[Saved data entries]

<<<<

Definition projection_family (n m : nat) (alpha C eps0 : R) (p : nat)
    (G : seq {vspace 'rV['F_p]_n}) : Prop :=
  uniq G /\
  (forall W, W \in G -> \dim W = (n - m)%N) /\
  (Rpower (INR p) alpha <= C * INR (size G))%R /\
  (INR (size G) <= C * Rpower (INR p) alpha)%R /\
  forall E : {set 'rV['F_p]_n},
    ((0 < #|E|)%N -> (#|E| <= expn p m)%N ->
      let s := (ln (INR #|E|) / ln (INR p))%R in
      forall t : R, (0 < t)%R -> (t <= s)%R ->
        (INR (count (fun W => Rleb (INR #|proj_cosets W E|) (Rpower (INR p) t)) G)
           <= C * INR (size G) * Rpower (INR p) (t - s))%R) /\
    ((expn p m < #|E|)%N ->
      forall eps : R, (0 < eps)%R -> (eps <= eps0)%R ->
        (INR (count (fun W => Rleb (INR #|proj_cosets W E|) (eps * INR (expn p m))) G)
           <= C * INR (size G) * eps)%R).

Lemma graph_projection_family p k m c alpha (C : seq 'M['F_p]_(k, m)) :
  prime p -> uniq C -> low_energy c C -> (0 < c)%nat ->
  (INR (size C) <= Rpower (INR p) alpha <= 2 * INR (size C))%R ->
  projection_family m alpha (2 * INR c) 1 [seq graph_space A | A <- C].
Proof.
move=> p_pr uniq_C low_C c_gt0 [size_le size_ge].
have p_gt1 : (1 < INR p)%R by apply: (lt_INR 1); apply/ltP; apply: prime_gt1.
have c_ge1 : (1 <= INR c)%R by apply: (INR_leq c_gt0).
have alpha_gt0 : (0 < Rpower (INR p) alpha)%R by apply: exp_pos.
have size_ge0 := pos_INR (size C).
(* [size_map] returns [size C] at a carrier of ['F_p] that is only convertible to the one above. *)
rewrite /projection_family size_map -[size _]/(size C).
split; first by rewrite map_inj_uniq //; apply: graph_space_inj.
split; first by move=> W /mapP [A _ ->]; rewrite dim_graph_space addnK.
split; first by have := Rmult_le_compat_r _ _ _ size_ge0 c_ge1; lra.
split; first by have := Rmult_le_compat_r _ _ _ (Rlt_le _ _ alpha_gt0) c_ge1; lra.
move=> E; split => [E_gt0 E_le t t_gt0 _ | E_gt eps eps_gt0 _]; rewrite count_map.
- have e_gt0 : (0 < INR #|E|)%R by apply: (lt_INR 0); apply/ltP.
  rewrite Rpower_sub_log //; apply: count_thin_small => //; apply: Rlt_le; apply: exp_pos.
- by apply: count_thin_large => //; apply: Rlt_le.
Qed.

>>>>

◆ WORK INSTRUCTION
Each line from the top of the records down to the one with "<= C * INR (size G) * eps)%R)." must be retyped exactly; include both ends and nothing else.

◆ WRITTEN RESPONSE
Definition projection_family (n m : nat) (alpha C eps0 : R) (p : nat)
    (G : seq {vspace 'rV['F_p]_n}) : Prop :=
  uniq G /\
  (forall W, W \in G -> \dim W = (n - m)%N) /\
  (Rpower (INR p) alpha <= C * INR (size G))%R /\
  (INR (size G) <= C * Rpower (INR p) alpha)%R /\
  forall E : {set 'rV['F_p]_n},
    ((0 < #|E|)%N -> (#|E| <= expn p m)%N ->
      let s := (ln (INR #|E|) / ln (INR p))%R in
      forall t : R, (0 < t)%R -> (t <= s)%R ->
        (INR (count (fun W => Rleb (INR #|proj_cosets W E|) (Rpower (INR p) t)) G)
           <= C * INR (size G) * Rpower (INR p) (t - s))%R) /\
    ((expn p m < #|E|)%N ->
      forall eps : R, (0 < eps)%R -> (eps <= eps0)%R ->
        (INR (count (fun W => Rleb (INR #|proj_cosets W E|) (eps * INR (expn p m))) G)
           <= C * INR (size G) * eps)%R).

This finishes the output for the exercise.